Heat the butter, and when foaming, add the parsnips, apples, and
onions. Soften them but do not let them color. Add the curry powder,
the spices and garlic; cook for about 2 minutes, stirring well. Pour
in the stock slowly, stirring until well mixed. Cover and simmer
gently for about half an hour, or until the parsnips are quite soft.
Taste for seasoning. Sive or liquidize, and if it seems too thick,
dilute with a little stock or water. Add the cream and reheat, but do
not let it boil. Serve garnished with chopped chives or parsley.


Servings: 6 servings

 

 

Parsnip & Apple Soup (Irish) Recipe brought to you by Recipe Ideas


Categories: Fruit; Soup


The History of Recipes

Recipes as a concept can be observed far back into ancient history, in truth as far into history as the Egypt of the Pharoahs, and maybe even further. Interesting though that maybe, sadly, these early recipes were just basic pictorial instructions for preparing meals.

Fascinatingly, the most ancient recipe in existence, according to historians is a series of tablets in ancient Sumerian which show the preparation of bread which is then used to make a drink, quite possibly a form of beer as it is recorded as making drinkers feel `exhilarated, wonderful and blissful`.

Progressing into The time of the roman empire around 25BC a roman called Apicius created a collection of documents which described recipes cooked by wealthy Romans. In his scrolls, he describes how the roman meals were split into hors d`oeuvre, main meal and dessert, a very modern way of dining. This early Roman chef informs us how the ancient chefs used many herbs, including some familiar names such as bay, rue and asafoetida.

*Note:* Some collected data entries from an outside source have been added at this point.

(* For any real number field $K$ and any $a,b\in K$ with $a>0$ and $b\neq 0$, there exist $x,y,z,u,v,w\in K$ satisfying $$x^2 - ay^2 + au^2 - bv^2 + abw^2 = 0,\qquad z^2 - 4 = au^2,\qquad \mathbb{Q}\left(x,\tfrac{y}{u},z\right) = K,$$ and $$u\neq 0,\quad x + \frac{yz}{2u} > 2,\quad \frac{y}{u}>1,\quad z>2,\quad abw^2 - bv^2 > 4.$$
   Context: A real number field is a field $K\subset\mathbb{R}$ with $[K:\mathbb{Q}]<\infty$. *)

From HB Require Import structures.
From mathcomp Require Import all_boot all_order all_algebra.
From mathcomp Require Import reals.
Set Implicit Arguments. Unset Strict Implicit. Unset Printing Implicit Defensive.
Import Order.TTheory GRing.Theory Num.Theory.
Local Open Scope ring_scope.

Definition is_subfield (R : realType) (K : R -> Prop) : Prop :=
  K 0 /\ K 1 /\
  (forall x y, K x -> K y -> K (x + y)) /\
  (forall x, K x -> K (- x)) /\
  (forall x y, K x -> K y -> K (x * y)) /\
  (forall x, K x -> x != 0 -> K x^-1).

Definition finite_over_Q (R : realType) (K : R -> Prop) : Prop :=
  exists s : seq R, (forall e, e \in s -> K e) /\
    forall x, K x -> exists c : 'I_(size s) -> rat,
      x = \sum_(i < size s) ratr (c i) * s`_i.

Definition real_number_field (R : realType) (K : R -> Prop) : Prop :=
  is_subfield K /\ finite_over_Q K.

Definition gen_field (R : realType) (S : seq R) : R -> Prop :=
  fun t => forall F : R -> Prop, is_subfield F -> (forall e, e \in S -> F e) -> F t.

(* Write theta for a primitive element of K and take t = (theta + n) / N with
   0 < a t^2 < 1.  With tau = a t^2, the numbers z = 2 (1 + tau) / (1 - tau)
   and u = 4 t / (1 - tau) satisfy z^2 - 4 = a u^2.  Pick beta, gamma in K with
   c = b beta^2 - a b gamma^2 in (0, 1) and a rational alpha making
   eps = 1 - a alpha^2 - c positive but smaller than 1/2 and c a u^2; then
   x = 2 a alpha u / eps, y = (2 - eps) u / eps, v = 2 a gamma u / eps and
   w = 2 beta u / eps solve the quadric and satisfy the inequalities.
   Conversely y / u = (2 - eps) / eps gives eps, z gives tau, x gives a u and
   hence a t, so Q(x, y/u, z) contains t = tau / (a t) and therefore theta. *)

From HB Require Import structures.
From mathcomp Require Import all_boot all_order all_algebra all_field.
From mathcomp Require Import reals ring lra.
Set Implicit Arguments. Unset Strict Implicit.
Import Order.TTheory GRing.Theory Num.Theory.
Local Open Scope ring_scope.

Section Subfield.
Variables (R : realType) (F : R -> Prop).
Hypothesis hF : is_subfield F.

Lemma subfield0 : F 0. Proof. by case: hF. Qed.

Lemma subfield1 : F 1. Proof. by case: hF => _ [F1 _]. Qed.

Lemma subfieldD x y : F x -> F y -> F (x + y).
Proof. by case: hF => _ [_ [FD _]]; apply: FD. Qed.

Lemma subfieldN x : F x -> F (- x).
Proof. by case: hF => _ [_ [_ [FN _]]]; apply: FN. Qed.

Lemma subfieldM x y : F x -> F y -> F (x * y).
Proof. by case: hF => _ [_ [_ [_ [FM _]]]]; apply: FM. Qed.

Lemma subfieldV x : F x -> F x^-1.
Proof.
have [->|x_neq0] := eqVneq x 0; first by rewrite invr0.
by case: hF => _ [_ [_ [_ [_ HV]]]] Fx; apply: HV.
Qed.

Lemma subfield_div x y : F x -> F y -> F (x / y).
Proof. by move=> Fx Fy; apply/subfieldM/subfieldV. Qed.

Lemma subfieldX x n : F x -> F (x ^+ n).
Proof.
move=> Fx; elim: n => [|n IHn]; first by rewrite expr0; apply: subfield1.
by rewrite exprS; apply: subfieldM.
Qed.

Lemma subfield_nat n : F n%:R.
Proof.
elim: n => [|n IHn]; first exact: subfield0.
by rewrite -addn1 natrD; apply: subfieldD => //; apply: subfield1.
Qed.

Lemma subfield_int (m : int) : F m%:~R.
Proof.
by case: m => n; rewrite ?NegzE ?mulrNz; [|apply: subfieldN]; apply: subfield_nat.
Qed.

Lemma subfield_rat (q : rat) : F (ratr q).
Proof. exact/subfield_div/subfield_int/subfield_int. Qed.

Lemma subfield_sum (I : Type) (r : seq I) (P : pred I) (f : I -> R) :
  (forall i, P i -> F (f i)) -> F (\sum_(i <- r | P i) f i).
Proof. by move=> Ff; apply: big_ind => //; [apply: subfield0 | apply: subfieldD]. Qed.

Lemma subfield_horner (p : {poly rat}) x : F x -> F (map_poly ratr p).[x].
Proof.
move=> Fx; rewrite horner_coef; apply: subfield_sum => i _.
by rewrite coef_map; apply: subfieldM; [apply: subfield_rat | apply: subfieldX].
Qed.

End Subfield.

Ltac subfield_closure hF := repeat first [ assumption
  | apply: (subfield_nat hF) | apply: (subfield_rat hF)
  | apply: (subfield1 hF) | apply: (subfield0 hF)
  | apply: (subfieldD hF) | apply: (subfieldN hF) | apply: (subfieldM hF)
  | apply: (subfieldV hF) | apply: (subfieldX hF) ].

Lemma gen_field_trans (R : realType) (S T : seq R) s :
  (forall e, e \in T -> gen_field S e) -> gen_field T s -> gen_field S s.
Proof. by move=> ST gT F hF FS; apply: gT => // e /ST; apply. Qed.

Lemma number_field_algebraic (R : realType) (K : R -> Prop) e :
  real_number_field K -> K e ->
  exists2 p : {poly rat}, p != 0 & root (map_poly ratr p) e.
Proof.
(* The m + 1 powers of e lie in the Q-span of the m elements of s, so a nonzero
   vector r in the left kernel of their coordinate matrix A gives a relation. *)
case=> hK [s [_ spanK]] Ke; set m := size s.
have [C HC] := boolp.choice (fun k : 'I_m.+1 => spanK _ (subfieldX hK k Ke)).
pose A : 'M[rat]_(m.+1, m) := \matrix_(k, i) C k i.
have A_dep : ~~ row_free A.
  by rewrite /row_free eqn_leq [(m.+1 <= _)%N]leqNgt ltnS rank_leq_col andbF.
pose r := nz_row (kermx A).
have r_neq0 : r != 0 by rewrite nz_row_eq0 kermx_eq0.
have rA : r *m A = 0 by apply/sub_kermxP; apply: nz_row_sub.
exists (rVpoly r); first by rewrite raddf_eq0 //; apply: can_inj rVpolyK.
rewrite /root (@horner_coef_wide _ m.+1); last by rewrite size_map_poly size_poly.
under eq_bigr => k _ do rewrite coef_map coef_rVpoly_ord HC mulr_sumr.
rewrite exchange_big big1 //= => i _.
under eq_bigr => k _ do rewrite mulrA -rmorphM.
rewrite -mulr_suml -rmorph_sum.
have := congr1 (fun M : 'M[rat]_(1, m) => M 0 i) rA; rewrite !mxE.
under [X in X = _ -> _]eq_bigr => k _ do rewrite mxE.
by move=> ->; rewrite rmorph0 mul0r.
Qed.
Ltac settle_or_split T F split := first [ rewrite T by lia_div | rewrite F by lia_div | split ].

Ltac decide_eqb :=
  match goal with
  | |- context [(?x =? ?y)%Z] =>
      settle_or_split (proj2 (Z.eqb_eq x y)) (proj2 (Z.eqb_neq x y)) ltac:(destruct (Z.eqb_spec x y))
  end; cbn [Z.b2z].

Ltac decide_test :=
  match goal with
  | |- context [(?x =? ?y)%Z] => free_of_minmax x; free_of_minmax y;
      settle_or_split (proj2 (Z.eqb_eq x y)) (proj2 (Z.eqb_neq x y)) ltac:(destruct (Z.eqb_spec x y))
  | |- context [(?x <=? ?y)%Z] => free_of_minmax x; free_of_minmax y;
      settle_or_split (proj2 (Z.leb_le x y)) (proj2 (Z.leb_gt x y)) ltac:(destruct (Z.leb_spec x y))
  | |- context [(?x <? ?y)%Z] => free_of_minmax x; free_of_minmax y;
      settle_or_split (proj2 (Z.ltb_lt x y)) (proj2 (Z.ltb_ge x y)) ltac:(destruct (Z.ltb_spec x y))
  | |- context [Z.max ?x ?y] => free_of_minmax x; free_of_minmax y;
      settle_or_split (Z.max_l x y) (Z.max_r x y) ltac:(destruct (Z.max_spec x y) as [[? ->] | [? ->]])
  | |- context [Z.min ?x ?y] => free_of_minmax x; free_of_minmax y;
      settle_or_split (Z.min_l x y) (Z.min_r x y) ltac:(destruct (Z.min_spec x y) as [[? ->] | [? ->]])
  | |- context [Z.abs ?x] => free_of_minmax x;
      settle_or_split (Z.abs_eq x) (Z.abs_neq x) ltac:(destruct (Z.abs_spec x) as [[? ->] | [? ->]])
  end; cbn [andb orb Z.b2z].

(* Tests and [min]/[max]/[abs]
   (innermost first) are rewritten away when [lia] settles them from the hypotheses, and split
   otherwise; deciding the Kronecker deltas first kills most patterns early. *)
Ltac weight_sum :=
  unfold path_weight, path_hit, path_count, path_lo, path_hi, kdeltaZ, epsZ, alpha, zpos;
  cbn [sum_steps path_end path_min path_max];
  rewrite ?Zodd_mod;
  repeat decide_eqb;
  rewrite ?Z.add_0_l, ?Z.add_0_r, ?Z.mul_0_l, ?Z.mul_0_r, ?Z.mul_1_l, ?Z.sub_0_r;
  repeat decide_test;
  lia_div.

Ltac real_value :=
  rewrite ?eps_IZR;
  repeat first [rewrite mult_IZR | rewrite plus_IZR | rewrite opp_IZR | rewrite minus_IZR];
  simpl pow; field.

Lemma Pi1_0 N : (1 <= N)%nat -> Pi1 N 0 = INR N.
Proof.
  intros HN; rewrite Pi1_chain, INR_IZR_INZ by exact HN.
  apply (chain_trace_of_weight_sum _ _ _ (4 * Z.of_nat N)); [weight_sum | real_value].
Qed.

Over the following few centuries, the rich and powerful families of the West tried to serve up the most extravagent banquests, and as a consequence, chefs and their collection of recipes were greatly in demand. Even so, it wasn`t until the 19th century that fine cookery and cookery books became popular. Mrs Isabella Beeton in the UK, and the equally famous Fannie Merritt Farmer in the USA, dedicated their lives to collating, verifying, and writing down popular recipes of the day.

When we get to the 1900s, cookery books are starting to become popular as a result of more people being able to read, increased leisure time and having more money.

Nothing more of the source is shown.